▶ **YOUR OBJECTIVE**
Your answer should be every line of the records that contains the word "binomial".

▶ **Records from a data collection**
╭──

(* Trinomial coefficients of (a X^2 + d X Y + b Y^2)^k: the coefficient of
   X^j Y^(2k-j) collects the terms a^l (dXY)^(j-2l) (bY^2)^(k+l-j). *)
Definition tricoef (k : nat) (a d b : R) (j : nat) : R :=
  fsum (Nat.div j 2 + 1) (fun l =>
    if Nat.leb j (k + l) then
      INR (fact k) / (INR (fact l) * INR (fact (j - 2 * l)) * INR (fact (k + l - j)))
      * a ^ l * d ^ (j - 2 * l) * b ^ (k + l - j)
    else 0).

(* Regroup the terms by (l, g) and expand twice by the binomial theorem. *)
Lemma trinomial_expansion k a d b x y :
  fsum (2 * k + 1) (fun j => tricoef k a d b j * x ^ j * y ^ (2 * k - j)) =
  (a * x ^ 2 + d * x * y + b * y ^ 2) ^ k.
Proof.
  set (h := fun l g => INR (fact k) / (INR (fact l) * INR (fact g) * INR (fact (k - l - g)))
            * a ^ l * d ^ g * b ^ (k - l - g) * x ^ (2 * l + g) * y ^ (g + 2 * (k - l - g))).
  transitivity (fsum (k + 1) (fun l => fsum (k - l + 1) (fun g => h l g))).
  - rewrite <- fsum_regroup; apply fsum_ext; intros j Hj.
    unfold tricoef; rewrite <- !fsum_scal_r; apply fsum_ext; intros l Hl%lt_half_succ.
    destruct (Nat.leb_spec j (k + l)); [|ring].
    unfold h; replace (k - l - (j - 2 * l))%nat with (k + l - j)%nat by lia.
    replace (2 * l + (j - 2 * l))%nat with j by lia.
    replace (j - 2 * l + 2 * (k + l - j))%nat with (2 * k - j)%nat by lia.
    reflexivity.
  - replace (a * x ^ 2 + d * x * y + b * y ^ 2) with (a * x ^ 2 + (d * x * y + b * y ^ 2)) by ring.
    rewrite binomial, sum_f_R0_fsum, Nat.add_1_r; apply fsum_ext; intros l Hl.
    rewrite binomial, sum_f_R0_fsum, Nat.add_1_r.
    rewrite <- fsum_scal; apply fsum_ext; intros g Hg.
    unfold h, C; rewrite !pow_add, !pow_mult, !Rpow_mult_distr.
    pose proof (INR_fact_neq_0 l); pose proof (INR_fact_neq_0 g);
    pose proof (INR_fact_neq_0 (k - l)); pose proof (INR_fact_neq_0 (k - l - g)).
    field; auto.
Qed.
(* A partition of the nine points into three triples is coded by a labeling of
   the points with labels 0, 1, 2, each used three times; relabeling the cells in
   order of first occurrence leaves 280 codes, one per partition, on which the
   following counts are checked by computation.  A partition has 36 neighbours;
   none of them (resp. 12 of them) contain in a cell a given pair lying in (resp.
   split by) a cell of the partition.  Two pairs meeting in 2, 1 or 0 points lie
   in cells of 70, 10 or 20 common partitions.  A point lies in 8 pairs, 2 of them
   inside its cell.
   The neighbour counts give A N = -12 N entrywise.  For the rank, let V be the
   36 x 9 pair-point incidence matrix, which has rank 9.  The point counts give
   N V = 0, hence rank N <= 36 - 9; the pair counts give M^T N + V D = 70 I with
   D = 10 (V^T - J/8), hence rank N >= 36 - rank V. *)

Lemma card_sig_count (T : finType) (P : pred T) (r : seq T) (p : pred T) :
  uniq r -> (forall t, P t = (t \in r)) ->
  #|[set t : {t | P t} | p (val t)]| = count p r.
Proof.
move=> r_uniq Pr; rewrite -size_filter.
move/card_uniqP: (filter_uniq p r_uniq) => <-.
rewrite -(card_imset _ val_inj); apply: eq_card => x.
rewrite mem_filter -Pr andbC; apply/imsetP/andP => [[t + ->]|[Px px]].
  by rewrite inE => pt; split; [exact: valP|].
by exists (Sub x Px); rewrite ?inE SubK.
Qed.

Lemma card_ord_count n (p : pred nat) : #|[set x : 'I_n | p x]| = count p (iota 0 n).
Proof.
by rewrite cardsE cardE -val_enum_ord count_map -size_filter /enum_mem filter_predT.
Qed.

╰──

▶ **RESULT OF THIS EXERCISE**
(* Regroup the terms by (l, g) and expand twice by the binomial theorem. *)
    rewrite binomial, sum_f_R0_fsum, Nat.add_1_r; apply fsum_ext; intros l Hl.
    rewrite binomial, sum_f_R0_fsum, Nat.add_1_r.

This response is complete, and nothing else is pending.